Earlier this season, Sakata set the league record for wins. Conventional wisdom would dictate it's the kind of record you don't want, because you might have hoped to have moved up to a higher level of competition.
Sakata said he doesn't look at it that way. For the most part, he is happy where he is.
"Longevity is what it takes. I've been fortunate enough to have good players who work hard," he said before a game last week. "I think all minor league baseball jobs are lateral moves. There's no stigma being a one-A coach as opposed to Triple-A because the game has changed. There's no natural progression. People get major league jobs with no coaching experience, straight from the broadcast booth.
"I don't look at this as a career deprecating thing for me. It's one of those situations where this is where I can have the best impact. The players are eager and more impressionable. I feel fulfilled at this level, although maybe yes, I've been at this level much too long."
There are certainly worse gigs. The San Jose Giants draw a steady 3,000 or so fans, even on weeknights. Municipal Stadium is one of those classic old ballparks, built in 1932. It's been kept up well and modern conveniences have been added without affecting the integrity of the old-school vibe. Promotions are fun without distracting too much from the game.
"I like the area, I like the organization," Sakata said. "The front-office here is extremely good to me. This is a good league with high-level talent year-after-year. The good players in this league play in the majors within one or two years. You're seeing this level becoming much more of an impact level than ever before."
Sakata mentions San Francisco Giants rookie starting pitcher Tim Lincecum as an example.

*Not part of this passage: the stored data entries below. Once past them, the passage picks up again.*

Definition expected_next (theta : R) (F V : R -> R) (y : R) : R :=
  Series (fun k : nat => V (y - zgrid theta (Z.of_nat k - 1)) * fprob theta F (Z.of_nat k - 1)).

Lemma Hstep_expected_next (theta alpha : R) (C F V : R -> R) (y : R) :
  Hstep theta alpha C F V y = C y + alpha * expected_next theta F V y.
Proof. reflexivity. Qed.

Definition grid_K_monotone (theta K : R) (g : R -> R) : Prop :=
  forall x z, on_grid theta z -> x <= z -> g x <= g z + K.

(* Expectations of a cost V that is constant (c0) left of s: such a V is
   bounded on the support of the demand, so all series below converge. *)
Section Expectation.
Variables (theta s c0 : R) (F V : R -> R).
Hypotheses (htheta : 0 < theta) (hF : is_cdf_nonneg F)
  (hVconst : forall w, w < s -> V w = c0).

(* Only finitely many terms are not c0 * f(n). *)
Lemma expected_next_summable (y : R) :
  ex_series (fun k => V (y - zgrid theta (Z.of_nat k - 1)) * fprob theta F (Z.of_nat k - 1)).
Proof.
  assert (Hlim := grid_points_unbounded theta htheta). apply is_lim_seq_spec in Hlim.
  destruct (Hlim (y - s + theta)) as [N HN].
  apply (ex_series_incr_n _ N).
  apply (ex_series_ext (fun k => c0 * fprob theta F (Z.of_nat (N + k) - 1))).
  { intro k. rewrite hVconst; [reflexivity|]. rewrite zgrid_of_nat_pred.
    specialize (HN (N + k)%nat ltac:(lia)). lra. }
  apply (ex_series_scal_l c0 (fun k => fprob theta F (Z.of_nat (N + k) - 1))).
  apply (ex_series_incr_n (fun k => fprob theta F (Z.of_nat k - 1)) N).
  exists 1. exact (fprob_series theta F hF htheta).
Qed.

(* Far to the left every shifted argument lies below s. *)
Lemma expected_next_const (y : R) : y + theta < s -> expected_next theta F V y = c0.
Proof.
  intros Hy. unfold expected_next.
  rewrite (Series_ext _ (fun k => c0 * fprob theta F (Z.of_nat k - 1))).
  - rewrite Series_scal_l, (is_series_unique _ _ (fprob_series theta F hF htheta)). ring.
  - intro k. rewrite hVconst; [reflexivity|].
    rewrite zgrid_of_nat_pred. generalize (pos_INR k). nra.
Qed.

(* The expectation over the demand preserves sub-K-convexity, since the
   grid is invariant under the demand shifts [z_n]. *)
Lemma expected_next_sub_K_convex (K : R) :
  sub_K_convex theta K V -> sub_K_convex theta K (expected_next theta F V).
Proof.
  intros HV x y zm tau Hz Hxy Htau Hy. unfold expected_next.
  apply weighted_comb_le; try apply expected_next_summable.
  - intro k. exact (fprob_nonneg theta F _ hF htheta).
  - exact (fprob_series theta F hF htheta).
  - intro k. apply HV; auto.
    + apply on_grid_shift, Hz.
    + lra.
    + rewrite Hy. ring.
Qed.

"I would never say 'can't miss.' The only guy I've had here I thought was can't miss was a kid who was here last year, Lincecum. Overpowering stuff. Our shortstop, Brian Bocock, is one of the best I've seen defensively, period. The left fielder, Ben Copeland, plays extremely hard. Dynamic kind of player in the energy he provides. He could be maybe a Johnny Damon player, except he has more power. We have a very athletic, big third baseman (David Maroul) who has 18 homers, but trouble making contact. He's very interesting because of his power and his athleticism."
ANTOAN RICHARDSON is a speedy little outfielder from the Bahamas. He's about 5-7 and a buck-fifty, around the same size Sakata was when he played 11 big league seasons.
"It's good to see proof that a little guy can make it," Richardson said. "He talks about how when you're a little guy, you have to play big. It's good inspiration."
Sakata takes a low-key approach to his job. He doesn't think the players care that he played in the World Series.
"When I was their age and I looked at someone 30 years older, I couldn't imagine them playing," Sakata said. "The only thing they really care about now is if I can help them. They don't want to hear war stories. They just want to know if I can teach them this so they can get out of here. That's what I try to provide."
Richardson, for one, said he doesn't mind a history lesson now and then.
"It's interesting hearing his stories. I feel like he's a wise man," Richardson said. "He's been there and succeeded at that level. He's seen it all, or at least 99 percent of what's going to happen. He's a man of few words, but when he speaks you know you need to take that information in because anything he says can be beneficial."